Introduction

Hepatitis B virus (HBV) associates approximately 780,000 deaths each year worldwide, mostly due to the chronic hepatitis B infection1. It has been proved that pegylated interferon alfa-2a (pegylated with a branched 40 kDa PEG chain) is an antiviral drug and it has a dual mode of action includes both antiviral and immunomodulatory effects2. The addition of polyethylene glycol to the interferon, through a process known as pegylation enhances the half-life of the interferon when we compared it to its native form3. This drug has been approved around the world, such as EU, U.S., China and many other countries, on the treatment of chronic hepatitis B (CHB).
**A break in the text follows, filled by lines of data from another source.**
(* Let $r_1 \ge 2$ and $x_1 \ge 1$ be integers and $d = x_1 + r_1 - 1$. Let $R = K[z_1,\ldots,z_{r_1+3},y_1,\ldots,y_d]$ over a field $K$ with the lexicographic order $<_{lex}$ given by $z_1 > \cdots > z_{r_1+3} > y_1 > \cdots > y_d$. Let $B$ be the set of pairs $(i,j)\in\mathbb{N}^2$ with $j-i\ge 2$, $1\le i\le r_1$, $j \le r_1+3$, $j\ne r_1+1$, and let $J$ be the monomial ideal of $R$ generated by the monomials $z_iz_j$ for $(i,j)\in B$, $z_{k+1}\prod_{s=1}^{r_1-1}y_s$ for $0\le k\le r_1-1$, $z_{r_1-k}\prod_{s=r_1}^{d}y_s$ for $0\le k\le r_1-1$, $z_{r_1+2}\prod_{s=1}^{r_1-1}y_s$, and $z_{r_1+1}\prod_{s=r_1}^{d}y_s$. Suppose $f = z_1^{\gamma_1}\cdots z_{r_1+3}^{\gamma_{r_1+3}} y_1^{\delta_1}\cdots y_d^{\delta_d}$ is a monomial with $f \notin J$ and $\gamma_i > 0$ for at least one $i$. Let $m$ be the minimal index with $\gamma_m > 0$. Then $|\{i : \gamma_i > 0\}| \le 3$, and moreover: (1) if $1 \le m \le r_1-1$, then $\gamma_i = 0$ for all $i \in \{1,\ldots,r_1+3\}\setminus\{m, m+1, r_1+1\}$; (2) if $m = r_1$, then $\gamma_i = 0$ for all $i \in \{1,\ldots,r_1-1\}\cup\{r_1+3\}$; (3) if $m \in \{r_1+1, r_1+2, r_1+3\}$, then $\gamma_i = 0$ for all $i < m$.
   Context: The ideal $J$ is the initial ideal, with respect to $<_{lex}$, generated by the leading terms of a specific set of binomials in the toric ideal of the lattice points of the simplex $\mathrm{conv}\{\mathbf{e}_1,\ldots,\mathbf{e}_d,-\mathbf{q}\}$, $\mathbf{q}=(r_1^{x_1},(1+r_1x_1)^{r_1-1})$; only the monomials listed are needed for the statement. *)

From mathcomp Require Import all_boot.
Set Implicit Arguments. Unset Strict Implicit. Unset Printing Implicit Defensive.

(* A monomial of R = K[z_1..z_{r1+3}, y_1..y_d] is given by its exponent
   vectors (gamma, delta), 1-based: z_i has exponent gamma i (1 <= i <= r1+3),
   y_s has exponent delta s (1 <= s <= d).  Entries outside range are ignored
   for the monomials under consideration (generators have them equal to 0). *)
Definition mon := ((nat -> nat) * (nat -> nat))%type.

Definition dvdm (a b : mon) : Prop :=
  (forall i, a.1 i <= b.1 i) /\ (forall s, a.2 s <= b.2 s).

Definition ev1 (i : nat) : nat -> nat := fun k => nat_of_bool (k == i).
Definition ev2 (i j : nat) : nat -> nat := fun k => nat_of_bool ((k == i) || (k == j)).
Definition evrange (a b : nat) : nat -> nat := fun s => nat_of_bool (a <= s <= b).
Definition ev0 : nat -> nat := fun _ => 0.

Definition dim_d (r1 x1 : nat) : nat := x1 + r1 - 1.

Definition inB (r1 i j : nat) : bool :=
  [&& 2 <= j - i, i <= j, 1 <= i, i <= r1, j <= r1 + 3 & j != r1 + 1].

Definition J_gen (r1 x1 : nat) (g : mon) : Prop :=
  let d := dim_d r1 x1 in
  (exists i j, inB r1 i j /\ g = (ev2 i j, ev0))
  \/ (exists k, k <= r1 - 1 /\ g = (ev1 k.+1, evrange 1 (r1 - 1)))
  \/ (exists k, k <= r1 - 1 /\ g = (ev1 (r1 - k), evrange r1 d))
  \/ g = (ev1 (r1 + 2), evrange 1 (r1 - 1))
  \/ g = (ev1 (r1 + 1), evrange r1 d).

Definition inJ (r1 x1 : nat) (f : mon) : Prop :=
  exists g, J_gen r1 x1 g /\ dvdm g f.

(* Only the quadratic generators z_i z_j, (i, j) in B, are needed: since f is
   not in J, no such pair lies in the support of f.  Every index in the support
   is at least m, and as long as m <= r1, pairing m with each index >= m + 2
   other than r1 + 1 leaves at most three candidates: {m, m+1, r1+1} when
   m < r1, {r1, r1+1, r1+2} when m = r1, and {r1+1, r1+2, r1+3} otherwise. *)

From mathcomp Require Import all_boot.
From mathcomp Require Import zify.

Set Implicit Arguments.
Unset Strict Implicit.
Unset Printing Implicit Defensive.

Lemma size_filter_le_uniq (T : eqType) (s t : seq T) (P : pred T) :
  uniq s -> {in s, forall x, P x -> x \in t} -> size [seq x <- s | P x] <= size t.
Proof.
move=> s_uniq sPt; apply: uniq_leq_size; first by rewrite filter_uniq.
by move=> x; rewrite mem_filter => /andP[Px sx]; exact: sPt.
Qed.

Lemma inJ_zpair (r1 x1 : nat) (gamma delta : nat -> nat) (i j : nat) :
  inB r1 i j -> 0 < gamma i -> 0 < gamma j -> inJ r1 x1 (gamma, delta).
Proof.
move=> ijB gi gj; exists (ev2 i j, ev0); split; first by left; exists i, j.
split=> k //=; rewrite /ev2.
by case: eqP => [->|_] //=; case: eqP => [->|_].
Qed.

Definition window (r1 m : nat) : seq nat :=
  if m < r1 then [:: m; m.+1; r1 + 1]
  else if m == r1 then [:: r1; r1 + 1; r1 + 2]
  else [:: r1 + 1; r1 + 2; r1 + 3].

Lemma size_window (r1 m : nat) : size (window r1 m) = 3.
Proof. by rewrite /window; case: ifP => //; case: ifP. Qed.

Section Support.

Variables (r1 x1 m : nat) (gamma delta : nat -> nat).
Hypothesis f_notin_J : ~ inJ r1 x1 (gamma, delta).
Hypothesis m_pos : 0 < m.
Hypothesis m_supp : 0 < gamma m.
Hypothesis m_min : forall i, 1 <= i < m -> gamma i = 0.

Lemma support_ge_min i : 1 <= i -> 0 < gamma i -> m <= i.
Proof. by move=> i_ge1 gi; rewrite leqNgt; apply/negP => im; rewrite m_min ?i_ge1 in gi. Qed.

Lemma support_in_window i :
  1 <= i <= r1 + 3 -> 0 < gamma i -> i \in window r1 m.
Proof.
move=> i_range gi; have mi := support_ge_min (proj1 (andP i_range)) gi.
have no_pair_with_m : ~ inB r1 m i.
  by move=> miB; apply: f_notin_J; exact: inJ_zpair miB m_supp gi.
rewrite /window; case: ltnP => [m_lt|m_ge]; last case: eqVneq => [m_r1|m_ne];
  rewrite !inE; apply/negPn/negP => i_out; apply: no_pair_with_m; rewrite /inB; lia.
Qed.

Lemma support_off_window_eq0 i :
  1 <= i <= r1 + 3 -> i \notin window r1 m -> gamma i = 0.
Proof.
move=> i_range i_out; apply/eqP; rewrite -leqn0 leqNgt.
by apply: contra i_out; exact: support_in_window.
Qed.

End Support.

Theorem lemma3p4 (r1 x1 : nat) (gamma delta : nat -> nat) :
  2 <= r1 -> 1 <= x1 ->
  ~ inJ r1 x1 (gamma, delta) ->
  forall m : nat,
    1 <= m <= r1 + 3 -> 0 < gamma m ->
    (forall i, 1 <= i < m -> gamma i = 0) ->
    size [seq i <- iota 1 (r1 + 3) | 0 < gamma i] <= 3 /\
    ((1 <= m <= r1 - 1) ->
       forall i, 1 <= i <= r1 + 3 -> i \notin [:: m; m.+1; r1 + 1] -> gamma i = 0) /\
    (m = r1 ->
       forall i, (1 <= i <= r1 - 1) || (i == r1 + 3) -> gamma i = 0) /\
    (r1 + 1 <= m <= r1 + 3 ->
       forall i, 1 <= i < m -> gamma i = 0).
Proof.
move=> _ _ f_notin_J m m_range gm m_min.
have m_pos := proj1 (andP m_range).
have in_window := support_in_window f_notin_J m_pos gm m_min.
have off_window_eq0 := support_off_window_eq0 f_notin_J m_pos gm m_min.
split.
  rewrite -[leqRHS](size_window r1 m).
  apply: size_filter_le_uniq; first exact: iota_uniq.
  by move=> i; rewrite mem_iota => i_range; apply: in_window => //; lia.
split.
  move=> m_lt i i_range i_out; apply: off_window_eq0 => //.
  by rewrite /window ifT //; lia.
split=> // m_r1 i /orP[i_lt | /eqP ->]; first by apply: m_min; lia.
apply: off_window_eq0; first lia.
by rewrite /window m_r1 ltnn eqxx !inE; lia.
Qed.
Numerous international multi-centers randomized controlled clinical trials have proved that for the HBeAg-positive CHB patients, treated with peginterferon α2a 180 μg/week for 48 weeks and follow-up by 24 weeks observation, the HBeAg seroconversion rate was 32~36% and HBsAg seroconversion rate was 2.3~3%4. The significant difference in responses to the treatment among patients was observed5, 6. A preliminary study of the pharmacokinetics on peginterferon α2a in adults has indicated that the coefficient of variation (CV%) of AUC0−t was 36.00%, t1/2Z was 33.67%, Tmax was 30.16%, and Cmax was 36.60%7. We believed that the high inter-individual variability (IIV) of the pharmacokinetic characteristics may be the primary cause for the differences of curative effect.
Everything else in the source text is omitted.